Pattern_Score = true_matches / (true_matches + false_matches)
A Benchmark Suite
For these metrics to be useful, they need a standard corpus. A reasonable benchmark design:
| Category | Count | Purpose |
|---|---|---|
| Standard contracts (ERC20, ERC721, simple DeFi) | 100 | Baseline structural and semantic scores |
| Complex DeFi (lending, AMMs, yield aggregators) | 50 | Complex control flow, storage patterns |
| Adversarial contracts (obfuscated, unusual compiler output) | 50 | Robustness under adversarial conditions |
| Known-vulnerable historical contracts | 30 | Vulnerability detection recall |
| Multi-contract systems (proxies, diamonds) | 20 | Proxy resolution, cross-contract patterns |
Ground truth sources, in decreasing reliability:
- Verified source code from Etherscan — compile with original settings and verify the bytecode hash matches
- Manual annotation by experts — function boundaries, security issues
- Multi-decompiler consensus — where multiple tools agree, treat as ground truth (but handle carefully; systematic errors across tools will look like consensus)
Composite Score
S = w1 * Structural + w2 * Semantic + w3 * Security
Structural = 0.3 * FBA + 0.3 * CFG + 0.2 * Loop + 0.2 * Storage
Semantic = 0.4 * IO + 0.2 * Gas + 0.3 * State + 0.1 * Events
Security = 0.3 * VulnDetect + 0.3 * Taint + 0.2 * Pattern + 0.2 * Invariant
Suggested weights:
w1 = 0.25 (structural)
w2 = 0.25 (semantic)
w3 = 0.50 (security — most important for security-focused tools)
Known Hard Cases
Any benchmark should explicitly call out the categories where tools typically struggle:
Loop recovery. do-while loops and loops with multiple break/continue sites are harder to recover than simple while loops. Failure here typically produces working but less readable output.
Obfuscated contracts. Contracts compiled with optimizer settings designed to produce unusual code, or hand-written assembly, drop scores significantly across all dimensions for most tools. This is an active research area.
Cross-contract invariants. Properties that span multiple contracts (e.g., a lending protocol’s invariant that total borrows don’t exceed total collateral requires reading state from multiple contracts) require cross-contract analysis, which most tools don’t fully support.
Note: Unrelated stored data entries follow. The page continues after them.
Lemma argmin_quadratic_growth {R : realType} {n : nat} {alpha : R}
    {K : 'rV[R]_n -> \bar R} {L x y : 'rV[R]_n} {kx ky : R} :
  convex_fun K -> (forall z, K z != -oo%E) -> K x = kx%:E -> K y = ky%:E ->
  (forall z, (K x + (dot x L + alpha / 2 * dot x x)%:E
              <= K z + (dot z L + alpha / 2 * dot z z)%:E)%E) ->
  alpha / 2 * dot (y - x) (y - x)
    <= (ky + dot y L + alpha / 2 * dot y y) - (kx + dot x L + alpha / 2 * dot x x).
Proof.
move=> cvxK K_ninfty Kx Ky x_min; apply: ler_of_mul_subr => t /andP[t0 t1].
pose z := t *: y + (1 - t) *: x.
have Kz : (K z <= (t * ky + (1 - t) * kx)%:E)%E.
  by rewrite EFinD !EFinM -Ky -Kx; apply: cvxK; rewrite t0 t1.
have Kz_fin : K z \is a fin_num.
  by rewrite fin_numE K_ninfty lt_eqF // (le_lt_trans Kz) ?ltry.
have := x_min z; rewrite -(fineK Kz_fin) Kx -!EFinD lee_fin.
rewrite /z dotxx_conv (dotDl (t *: y)) !dotZl => z_min.
rewrite -(fineK Kz_fin) lee_fin in Kz.
rewrite -(ler_pM2l t0); lra.
Qed.

Lemma subgradient0_orth {R : realType} {n : nat} {A : set 'rV[R]_n}
    {psi : 'rV[R]_n -> R} {g : 'rV[R]_n} :
  is_subspace A -> (forall m, A m -> psi m <= psi 0) ->
  (forall w, psi 0 + dot w g <= psi w) -> orth_compl A g.
Proof.
move=> subA psi_max g_sub m Am.
have A_m : A (- m) by rewrite -scaleN1r; apply: (subspaceZ subA).
have := g_sub m; have := g_sub (- m); have := psi_max _ Am; have := psi_max _ A_m.
rewrite dotNl; lra.
Qed.

Lemma convex_dotxx_orth_proj {R : realType} {n : nat} {A : set 'rV[R]_n}
    {P : 'rV[R]_n -> 'rV[R]_n} :
  is_subspace A -> is_orth_proj A P -> convex_rfun (fun x => dot (P x) (P x)).
Proof.
move=> subA projP t x y /andP[t0 t1].
have P0 : P 0 = 0 by apply: (orth_proj_id subA projP); case: subA.
have PZ a z : P (a *: z) = a *: P z.
  by have := orth_proj_linear subA projP a z 0; rewrite !addr0 P0 addr0.
rewrite (orth_proj_linear subA projP) PZ dotxx_conv.
have t1' : 0 <= 1 - t by rewrite subr_ge0 ltW.
have := mulr_ge0 (mulr_ge0 (ltW t0) t1') (dotxx_ge0 (P x - P y)); lra.
Qed.

Section MarginalInf.
Context {R : realType} {n : nat} (f : 'rV[R]_n -> R) (A : set 'rV[R]_n).
Hypotheses (subA : is_subspace A) (f_lb : exists m0, forall x, m0 <= f x).
Implicit Types (m w : 'rV[R]_n).

Definition marginal_inf w : R := inf [set f (w + m) | m in A].

Lemma marginal_inf_le w {m} : A m -> marginal_inf w <= f (w + m).
Proof.
move=> Am; apply: ge_inf; last by exists m.
by have [m0 f_ge] := f_lb; exists m0 => _ [m' _ <-].
Qed.

Lemma marginal_inf_ge w r : (forall m, A m -> r <= f (w + m)) -> r <= marginal_inf w.
Proof.
move=> r_le; apply: lb_le_inf => [|_ [m Am <-]]; last exact: r_le.
by exists (f (w + 0)); exists 0 => //; case: subA.
Qed.

Lemma ereal_le_marginal_inf (e : \bar R) w :
  (forall m, A m -> (e <= (f (w + m))%:E)%E) -> (e <= (marginal_inf w)%:E)%E.
Proof.
case: e => [r| |] e_le; last exact: leNye.
  by rewrite lee_fin; apply: marginal_inf_ge => m Am; rewrite -lee_fin e_le.
by have := e_le 0 subA.1; rewrite leye_eq.
Qed.

Lemma marginal_inf_shift_le w {m} : A m -> marginal_inf (w + m) <= marginal_inf w.
Proof.
move=> Am; apply: marginal_inf_ge => m' Am'.
have -> : w + m' = w + m + (m' - m) by rewrite -addrA subrKC.
by apply: marginal_inf_le; apply: (subspaceB subA).
Qed.

Lemma marginal_inf_convex : convex_rfun f -> convex_rfun marginal_inf.
Proof.
move=> f_cvx t a b t01; have /andP[t0 t1] := t01; have t1' : 0 < 1 - t by rewrite subr_gt0.
set X := marginal_inf _.
have both m1 m2 : A m1 -> A m2 -> X <= t * f (a + m1) + (1 - t) * f (b + m2).
  move=> Am1 Am2.
  have Amc : A (t *: m1 + (1 - t) *: m2).
    by apply: (subspaceD subA); apply: (subspaceZ subA).
  apply: le_trans (marginal_inf_le _ Amc) _.
  rewrite addrACA -!scalerDr; exact: f_cvx.
have one_side m1 : A m1 -> X <= t * f (a + m1) + (1 - t) * marginal_inf b.
  move=> Am1; rewrite -lerBlDl -ler_pdivrMl //; apply: marginal_inf_ge => m2 Am2.
  by rewrite ler_pdivrMl // lerBlDl; apply: both.
rewrite -lerBlDr -ler_pdivrMl //; apply: marginal_inf_ge => m1 Am1.
by rewrite ler_pdivrMl // lerBlDr; apply: one_side.
Qed.

End MarginalInf.

Lemma argmin_fin_num {R : realType} {n : nat} {K : 'rV[R]_n -> \bar R}
    {f : 'rV[R]_n -> R} {x} :
  proper_fun K -> (forall z, (K x + (f x)%:E <= K z + (f z)%:E)%E) -> K x \is a fin_num.
Proof.
move=> [K_ninfty [y Ky_fin]] x_min; rewrite fin_numE K_ninfty /=.
apply/negP => /eqP Kx_infty; have := x_min y.
by rewrite Kx_infty addye // -(fineK Ky_fin) -EFinD leNgt ltry.
Qed.

Section DualAscent.
Context {R : realType} {n : nat} (M : set 'rV[R]_n) (PM PMp : 'rV[R]_n -> 'rV[R]_n).
Hypotheses (subM : is_subspace M) (projM : is_orth_proj M PM)
  (projMp : is_orth_proj (orth_compl M) PMp).
Variables (alpha : R) (K : 'rV[R]_n -> \bar R).
Hypotheses (alpha_gt0 : 0 < alpha) (cvxK : convex_fun K) (properK : proper_fun K).
Implicit Types (p x z L : 'rV[R]_n).

Let subMp : is_subspace (orth_compl M) := orth_compl_subspace M.
Let K_ninfty : forall x, K x != -oo%E := properK.1.

Definition aug_J x : \bar R := (K x + (alpha / 2 * hnorm (PM x) ^+ 2)%:E)%E.

Definition dual_h L : \bar R :=
  ereal_inf [set (aug_J x + (dot x (PMp L))%:E)%E | x in setT].

Lemma dual_h_le L z : (dual_h L <= aug_J z + (dot z (PMp L))%:E)%E.
Proof. by apply: ereal_inf_le; exists (aug_J z + (dot z (PMp L))%:E)%E => //; exists z. Qed.

Lemma dual_h_argmin L x : orth_compl M L ->
    (forall z, (aug_J x + (dot x L)%:E <= aug_J z + (dot z L)%:E)%E) ->
  dual_h L = (aug_J x + (dot x L)%:E)%E.
Proof.
move=> ML x_min; rewrite /dual_h (orth_proj_id subMp projMp ML).
apply/le_anti/andP; split; first by rewrite -(orth_proj_id subMp projMp ML) dual_h_le.
by apply: le_ereal_inf_tmp => _ [z _ <-].
Qed.

Lemma dotxx_PM x : dot (PM x) (PM x) = dot x x - dot (PMp x) (PMp x).
Proof. by rewrite (orth_proj_compl projM projMp) (dotxx_sub_orth_proj projMp). Qed.

(* The quadratic growth [alpha/2 |z - x|^2] of the augmented Lagrangian around
   [x] dominates the term [alpha/2 |PMp z - PMp x|^2] by which the two
   Lagrangians differ. *)
Lemma aug_J_argmin_shift L x : K x \is a fin_num ->
    (forall z, (K x + (dot x L + alpha / 2 * dot x x)%:E
                <= K z + (dot z L + alpha / 2 * dot z z)%:E)%E) ->
  forall z, (aug_J x + (dot x (L + alpha *: PMp x))%:E
             <= aug_J z + (dot z (L + alpha *: PMp x))%:E)%E.
Proof.
move=> Kx_fin x_min z; have PMp_x := orth_proj_mem projMp x.
case Kz : (K z) => [kz| |]; last by have := K_ninfty z; rewrite Kz.
  have growth := argmin_quadratic_growth cvxK K_ninfty (esym (fineK Kx_fin)) Kz x_min.
  have contract := dotxx_orth_proj projMp (z - x).
  rewrite (orth_projB subMp projMp) dotxxB in contract.
  rewrite /aug_J -(fineK Kx_fin) Kz !hnorm_sqr -!EFinD lee_fin !dotxx_PM !dotDr !dotZr.
  rewrite (dot_orth_proj projMp z PMp_x) (dot_orth_proj projMp x PMp_x).
  have := ler_wpM2l (ltW alpha_gt0) contract; lra.
by rewrite /aug_J Kz !addye // leey.
Qed.

Lemma dual_step_fejer p L x : orth_compl M p -> orth_compl M L ->
    dot x (L + alpha *: PMp x) <= dot x p ->
  dot (L + alpha *: PMp x - p) (L + alpha *: PMp x - p) <= dot (L - p) (L - p).
Proof.
move=> Mp_p Mp_L dual_le; set L' := L + alpha *: PMp x.
have Mp_L' : orth_compl M L'.
  by apply: (subspaceD subMp Mp_L); apply: (subspaceZ subMp); apply: orth_proj_mem projMp x.
have ascent : 0 <= dot (PMp x) (p - L').
  by rewrite -(dot_orth_proj projMp x (subspaceB subMp Mp_p Mp_L')) dotBr subr_ge0.
have -> : L - p = (L' - p) - alpha *: PMp x by rewrite /L' addrAC addrK.
have cross : dot (PMp x) (L' - p) = - dot (PMp x) (p - L') by rewrite -dotNr opprB.
rewrite [leRHS]dotxxB dotZl !dotZr (dotC _ (PMp x)) cross.
have a0 := ltW alpha_gt0; have := mulr_ge0 a0 ascent.
have := mulr_ge0 a0 (mulr_ge0 a0 (dotxx_ge0 (PMp x))); lra.
Qed.

Lemma dual_ascent_bounded :
    (exists Lst, forall L, (dual_h L <= dual_h Lst)%E) ->
  forall (x L : nat -> 'rV[R]_n), L 0%N = 0 ->
    (forall k y, (K (x k.+1) + (dot (x k.+1) (L k) + alpha / 2 * hnorm (x k.+1) ^+ 2)%:E
                  <= K y + (dot y (L k) + alpha / 2 * hnorm y ^+ 2)%:E)%E) ->
    (forall k, L k.+1 = L k + alpha *: PMp (x k.+1)) ->
  exists B, forall k, hnorm (L k) <= B.
Proof.
move=> [Lst Lst_max] x L L0 x_min L_step; set p := PMp Lst.
have Mp_p : orth_compl M p := orth_proj_mem projMp Lst.
have Mp_L k : orth_compl M (L k).
  elim: k => [|k IH]; first by rewrite L0; case: subMp.
  rewrite L_step; apply: (subspaceD subMp IH).
  by apply: (subspaceZ subMp); apply: orth_proj_mem projMp _.
have fejer k : dot (L k.+1 - p) (L k.+1 - p) <= dot (L k - p) (L k - p).
  have xk_min z : (K (x k.+1) + (dot (x k.+1) (L k) + alpha / 2 * dot (x k.+1) (x k.+1))%:E
      <= K z + (dot z (L k) + alpha / 2 * dot z z)%:E)%E by rewrite -!hnorm_sqr.
  have Kx_fin := argmin_fin_num properK xk_min.
  have := Lst_max (L k.+1); rewrite (@dual_h_argmin _ (x k.+1) (Mp_L k.+1)); last first.
    by rewrite L_step; apply: aug_J_argmin_shift.
  move=> /le_trans /(_ (dual_h_le Lst (x k.+1))).
  have Jx_fin : aug_J (x k.+1) \is a fin_num by rewrite fin_numD Kx_fin.
  rewrite -(fineK Jx_fin) -!EFinD lee_fin lerD2l L_step => dual_le.
  exact: dual_step_fejer.
have dist_le k : dot (L k - p) (L k - p) <= dot p p.
  elim: k => [|k IH]; first by rewrite L0 sub0r dotNl dotNr opprK.
  exact: le_trans (fejer k) IH.
exists (Num.sqrt (4 * dot p p)) => k; rewrite /hnorm; apply: ler_wsqrtr.
have polar := dotxx_ge0 (L k - p - p); rewrite dotxxB in polar.
have := dotxxD (L k - p) p; rewrite subrK => ->.
have := dist_le k; lra.
Qed.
Layer 2 bytecode. Optimism, Arbitrum, and other L2s have EVM-compatible but not EVM-identical execution environments. Bytecode compiled for L2 deployment may include L2-specific precompile calls or opcodes. The benchmark should be extended to cover these.
“Accuracy” is a marketing term until you define what you’re measuring. The framework here — structural fidelity, semantic preservation, security utility — gives a three-dimensional view that’s useful for both tool development and tool selection. A decompiler might score well on structural fidelity (correct function boundaries, correct CFG) while having poor semantic preservation (reorders statements), which would show up immediately in the security utility scores even if manual inspection looked fine.
For security work, the F1 score on vulnerability detection is the number that matters most. Everything else is in service of that.